Eye-Docs Ltd, trading as Midland Eye, is a privately owned secondary-care ophthalmology practice offering a one-stop, specialist service for the diagnosis and treatment of all eye conditions.
The company has entered into a three year Knowledge Transfer Partnership (KTP) with Dr Shehzad Naroo, with support from Professor James Wolffsohn from the Ophthalmic Research Group at Aston University’s School of Life and Health Sciences, to develop treatment models and regimens to enhance patient care.
The aim of the KTP is to develop treatment models based on patient pathways, treatment regimens and outcomes for presbyopia and laser cataract surgery within a private ophthalmic surgical centre to enable the continual improvement of surgical techniques.
The ability for Midland Eye to offer a premium service option for cataract patients and an entirely new service for reversal of presbyopia will enhance the reputation of the group. It will also give patients across the network of private hospitals, in the Aspen Healthcare group, the opportunity to access these new services.
With a view to growing the business and to improve the range of services offered to patients, Midland Eye is currently taking on new surgeons to maximise the use of its facilities. It has also invested in top of the range equipment, including a state of the art LENSAR femtosecond laser to enhance patient care and experience.
Surgeons at Midland Eye plan to use the LENSAR laser in Cataract Surgery for which LENSAR is licensed by the FDA. The LENSAR laser will also be used in the surgical treatment of Presbyopia (the age-related condition which results in most middle aged people needing reading glasses). This approach will be an entirely novel surgical procedural for this condition and has the potential for reversing the need for reading glasses.
Professor Sunil Shah, Consultant Eye Surgeon at Midland Eye said of the project: “By developing the clinical methodology and optimising both the above treatments, Midland Eye will be the first to offer such treatments in the UK. This provides the potential for higher revenue and margins through provision of the surgery, first in the West Midlands area and later, elsewhere in the UK.”
For the team at Aston, this collaboration will offer the chance to develop new and efficient methodology to complement this state of the art equipment.

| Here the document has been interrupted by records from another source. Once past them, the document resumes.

Lemma zpow_central w x : zpow w -> w * x = x * w.
Proof.
  induction 1 as [| | |u v _ Hu _ Hv|u _ Hu].
  - rewrite gmul1g, gmulg1. reflexivity.
  - apply z_central.
  - apply z_central.
  - rewrite <- gmulA, Hv, gmulA, Hu, gmulA. reflexivity.
  - symmetry. apply commuteV. symmetry. exact Hu.
Qed.

Lemma zpow_swap w x y : zpow w -> x * (w * y) = w * (x * y).
Proof. intros hw. rewrite gmulA, <- (zpow_central w x hw), gmulA. reflexivity. Qed.

Lemma rho_zpow w : zpow w -> rho w = mI \/ rho w = mopp mI.
Proof.
  induction 1 as [| | |u v _ Hu _ Hv|u _ Hu].
  - left. exact rho1.
  - right. unfold z. rewrite rho_mul, rho_c. reflexivity.
  - right. unfold z. rewrite rho_mul, rho_c. reflexivity.
  - rewrite rho_mul.
    destruct Hu as [-> | ->], Hv as [-> | ->]; [left|right|right|left]; reflexivity.
  - rewrite rhoV. destruct Hu as [-> | ->]; [left|right]; reflexivity.
Qed.

Lemma parabolic_zpow_mul w x : zpow w -> parabolic (rho (w * x)) <-> parabolic (rho x).
Proof.
  intros hw. unfold parabolic. rewrite rho_mul.
  enough (E : (mtr (mmul (rho w) (rho x)) * mtr (mmul (rho w) (rho x))
               = mtr (rho x) * mtr (rho x))%Z) by (rewrite E; reflexivity).
  destruct (rho_zpow w hw) as [-> | ->]; generalize (rho x); intros X; mat_unfold; ring.
Qed.

Definition dpow (j : nat) : G := match j with O => one | 1%nat => d | _ => d * d end.
Definition cpow (e : bool) : G := if e then c else one.
Definition block (b : bool) : G := if b then c * (d * d) else c * d.

Fixpoint blocks (B : list bool) : G :=
  match B with [] => one | b :: B => block b * blocks B end.

Definition nf (w : G) (j : nat) (B : list bool) (e : bool) : G :=
  w * (dpow j * (blocks B * cpow e)).

Definition has_nf (x : G) : Prop := exists w j B e, zpow w /\ x = nf w j B e.

Lemma has_nf_zpow_mul w x : zpow w -> has_nf x -> has_nf (w * x).
Proof.
  intros hw (w' & j & B & e & hw' & ->). exists (w * w'), j, B, e.
  split; [apply gen_mul; assumption|]. unfold nf. gassoc. reflexivity.
Qed.

Lemma has_nf_c_mul x : has_nf x -> has_nf (c * x).
Proof.
  intros (w & j & B & e & hw & ->). unfold nf. rewrite (zpow_swap w _ _ hw).
  destruct j as [|[|j]]; cbn [dpow].
  - destruct B as [|b B]; [destruct e|].
    + exists (w * z), O, [], false. split; [apply zpow_mulz, hw|].
      unfold nf, z. cbn. gassoc. reflexivity.
    + exists w, O, [], true. split; [exact hw|]. unfold nf. cbn. gassoc. reflexivity.
    + exists (w * z), (if b then 2 else 1)%nat, B, e. split; [apply zpow_mulz, hw|].
      unfold nf, z. destruct b; cbn; gassoc; reflexivity.
  - exists w, O, (false :: B), e. split; [exact hw|]. unfold nf. cbn. gassoc. reflexivity.
  - exists w, O, (true :: B), e. split; [exact hw|]. unfold nf. cbn. gassoc. reflexivity.
Qed.

Lemma has_nf_d_mul x : has_nf x -> has_nf (d * x).
Proof.
  intros (w & j & B & e & hw & ->). unfold nf. rewrite (zpow_swap w _ _ hw).
  destruct j as [|[|j]]; cbn [dpow].
  - exists w, 1%nat, B, e. split; [exact hw|]. unfold nf. cbn. gassoc. reflexivity.
  - exists w, 2%nat, B, e. split; [exact hw|]. unfold nf. cbn. gassoc. reflexivity.
  - exists (w * z), O, B, e. split; [apply zpow_mulz, hw|].
    unfold nf, z. cbn. rewrite hrel. gassoc. reflexivity.
Qed.

Lemma cV_eq : c^-1 = z^-1 * c.
Proof. unfold z. rewrite ginvM, <- gmulA, gmulVg, gmulg1. reflexivity. Qed.

Lemma dV_eq : d^-1 = z^-1 * (d * d).
Proof. unfold z. rewrite hrel, !ginvM. gassoc. rewrite gmulKg, gmulVg, gmulg1. reflexivity. Qed.

Lemma has_nf_all x : has_nf x.
Proof.
  assert (hmul : (forall y, has_nf y -> has_nf (x * y)) /\
                 (forall y, has_nf y -> has_nf (x^-1 * y))).
  { induction (hgen x) as [| | |x1 x2 _ [H1 H1'] _ [H2 H2']|x1 _ [H1 H1']];
      split; intros y hy.
    - rewrite gmul1g. exact hy.
    - rewrite ginv1, gmul1g. exact hy.
    - apply has_nf_c_mul, hy.
    - rewrite cV_eq, <- gmulA. apply has_nf_zpow_mul; [apply gen_inv, zpow_z|].
      apply has_nf_c_mul, hy.
    - apply has_nf_d_mul, hy.
    - rewrite dV_eq, <- !gmulA. apply has_nf_zpow_mul; [apply gen_inv, zpow_z|].
      apply has_nf_d_mul, has_nf_d_mul, hy.
    - rewrite <- gmulA. apply H1, H2, hy.
    - rewrite ginvM, <- gmulA. apply H2', H1', hy.
    - apply H1', hy.
    - rewrite ginvK. apply H1, hy. }
  rewrite <- (gmulg1 SG x). apply (proj1 hmul).
  exists one, O, [], false. split; [apply gen_one|]. unfold nf. cbn. gassoc. reflexivity.
Qed.

Local Notation mu := (meridian SG c d).
Local Notation lambda := (longitude SG c d).

Definition in_peripheral (x : G) : Prop := in_gen SG mu lambda x.

Lemma z_in_peripheral : in_peripheral z.
Proof.
  assert (E : z = lambda * npow SG 6 mu).
  { unfold longitude. rewrite <- gmulA, gmulVg, gmulg1. reflexivity. }
  rewrite E. apply gen_mul; [apply gen_b|].
  generalize 6%nat. induction n; [apply gen_one | apply gen_mul; [apply gen_a | exact IHn]].
Qed.

Lemma zpow_in_peripheral w : zpow w -> in_peripheral w.
Proof.
  induction 1;
    [apply gen_one | apply z_in_peripheral | apply z_in_peripheral
    | apply gen_mul; assumption | apply gen_inv; assumption].
Qed.

Lemma cd_in_peripheral : in_peripheral (c * d).
Proof.
  assert (E : c * d = z * mu^-1).
  { unfold z, meridian. rewrite ginvM, ginvK. gassoc. rewrite gmulKVg. reflexivity. }
  rewrite E. apply gen_mul; [apply z_in_peripheral | apply gen_inv, gen_a].
Qed.

Lemma cdd_conj : c * (d * d) = c * (z * mu * c^-1).
Proof.
  unfold meridian. gassoc. rewrite gmulgV, gmulg1.
  unfold z. rewrite hrel. gassoc. rewrite gmulgV, gmulg1. reflexivity.
Qed.

Lemma blocks_in_peripheral B : ~ In true B -> in_peripheral (blocks B).
Proof.
  induction B as [|b B IH]; intros hB; cbn.
  - apply gen_one.
  - destruct b; [contradict hB; left; reflexivity|].
    apply gen_mul; [apply cd_in_peripheral | apply IH]. intros h. apply hB. right. exact h.
Qed.

Lemma blocks_conj_in_peripheral B : ~ In false B ->
  exists y, in_peripheral y /\ blocks B = c * (y * c^-1).
Proof.
  induction B as [|b B IH]; intros hB; cbn.
  - exists one. split; [apply gen_one|]. rewrite gmul1g, gmulgV. reflexivity.
  - destruct b; [|contradict hB; left; reflexivity].
    destruct IH as [y [hy ->]]; [intros h; apply hB; right; exact h|].
    exists (z * mu * y). split.
    + apply gen_mul; [apply gen_mul; [apply z_in_peripheral | apply gen_a] | exact hy].
    + cbn. rewrite cdd_conj. gassoc. rewrite gmulKg. reflexivity.
Qed.

Lemma rho_blocks B : rho (blocks B) = mword B \/ rho (blocks B) = mopp (mword B).
Proof.
  induction B as [|b B IH]; cbn [blocks mword].
  - left. exact rho1.
  - rewrite rho_mul. unfold block.
    destruct b; rewrite !rho_mul, rho_c, rho_d;
    destruct IH as [-> | ->]; [right|left|right|left];
    generalize (mword B); intros X; unfold S_mat, D_mat, U_mat, L_mat; mat_unfold; f_equal; ring.
Qed.

Lemma mixed_blocks_not_parabolic B : In true B -> In false B -> ~ parabolic (rho (blocks B)).
Proof.
  intros hT hF hpar. pose proof (mword_mixed_trace B hT hF) as htr.
  assert (hpar' : parabolic (mword B)).
  { destruct (rho_blocks B) as [E | E]; rewrite E in hpar; [|apply parabolic_opp]; exact hpar. }
  unfold parabolic in hpar'. nia.
Qed.

Definition peripheral_if_parabolic (x : G) : Prop :=
  parabolic (rho x) -> peripheral SG c d x.

Lemma peripheral_if_parabolic_conj_imp h x y :
  h * x = y * h -> peripheral_if_parabolic x -> peripheral_if_parabolic y.
Proof.
  intros E hx hpar. unfold parabolic in hpar. rewrite (mtr_rho_conj h x y E) in hpar.
  destruct (hx hpar) as [g [p [hp Ex]]]. exists (h * g), p. split; [exact hp|].
  assert (Ey : y = h * x * h^-1) by (rewrite E, <- gmulA, gmulgV, gmulg1; reflexivity).
  rewrite Ey, Ex, ginvM. gassoc. reflexivity.
Qed.

Lemma peripheral_if_parabolic_conj h x y :
  h * x = y * h -> peripheral_if_parabolic x <-> peripheral_if_parabolic y.
Proof.
  intros E. split; [apply (peripheral_if_parabolic_conj_imp h x y E)|].
  apply (peripheral_if_parabolic_conj_imp h^-1).
  rewrite <- (gmulg1 SG y), <- (gmulgV SG h), (gmulA SG y h), <- E. gassoc.
  rewrite gmulKg. reflexivity.
Qed.

Lemma blocks_peripheral_if_parabolic w B : zpow w -> peripheral_if_parabolic (w * blocks B).
Proof.
  intros hw hpar. apply (proj1 (parabolic_zpow_mul w _ hw)) in hpar.
  destruct (in_dec Bool.bool_dec true B) as [hT | hT].
  - destruct (in_dec Bool.bool_dec false B) as [hF | hF].
    + exfalso. exact (mixed_blocks_not_parabolic B hT hF hpar).
    + destruct (blocks_conj_in_peripheral B hF) as [y [hy ->]]. exists c, (w * y). split.
      * apply gen_mul; [apply zpow_in_peripheral, hw | exact hy].
      * rewrite <- (zpow_swap w c _ hw). gassoc. reflexivity.
  - exists one, (w * blocks B). split.
    + apply gen_mul; [apply zpow_in_peripheral, hw | apply blocks_in_peripheral, hT].
    + rewrite ginv1, gmul1g, gmulg1. reflexivity.
Qed.

Lemma not_parabolic_c : ~ parabolic (rho c).
Proof. rewrite rho_c. discriminate. Qed.

Lemma not_parabolic_dpow j : j <> O -> ~ parabolic (rho (dpow j)).
Proof.
  destruct j as [|[|j]]; intros hj; [contradiction | |]; cbn [dpow];
  rewrite ?rho_mul, rho_d; discriminate.
Qed.

Lemma blocks_rcons B b : blocks (B ++ [b]) = blocks B * block b.
Proof.
  induction B as [|b' B IH]; cbn.
  - rewrite gmul1g, gmulg1. reflexivity.
  - rewrite IH, gmulA. reflexivity.
Qed.

Lemma zmul_shift w x y : w * (x * (z * y)) = w * z * (x * y).
Proof. rewrite (gmulA SG x z), <- (z_central x). gassoc. reflexivity. Qed.

Lemma block_true_d : block true * d = z * c.
Proof. cbn. rewrite z_central. unfold z. gassoc. rewrite hrel. reflexivity. Qed.

Lemma block_false_dd : block false * (d * d) = z * c.
Proof. cbn. rewrite z_central. unfold z. gassoc. rewrite hrel. reflexivity. Qed.

Lemma block_true_dd : block true * (d * d) = z * block false.
Proof.
  cbn. rewrite (gmulA SG z c d), (z_central c). unfold z. rewrite hrel. gassoc. reflexivity.
Qed.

Dr Shehzad Naroo, School of Life and Health Sciences commented: “The opportunity to work with this novel femtosecond laser presents a unique challenge in developing safe, effective and commercially viable patient pathways and treatment regimens and opens up new research opportunities. Lens softening with a laser to restore eye focus would be a world first and requires new innovative techniques and equipment. The Ophthalmic Research Group at Aston University has a long history in comparable technology fields and will draw on this expertise in this KTP.”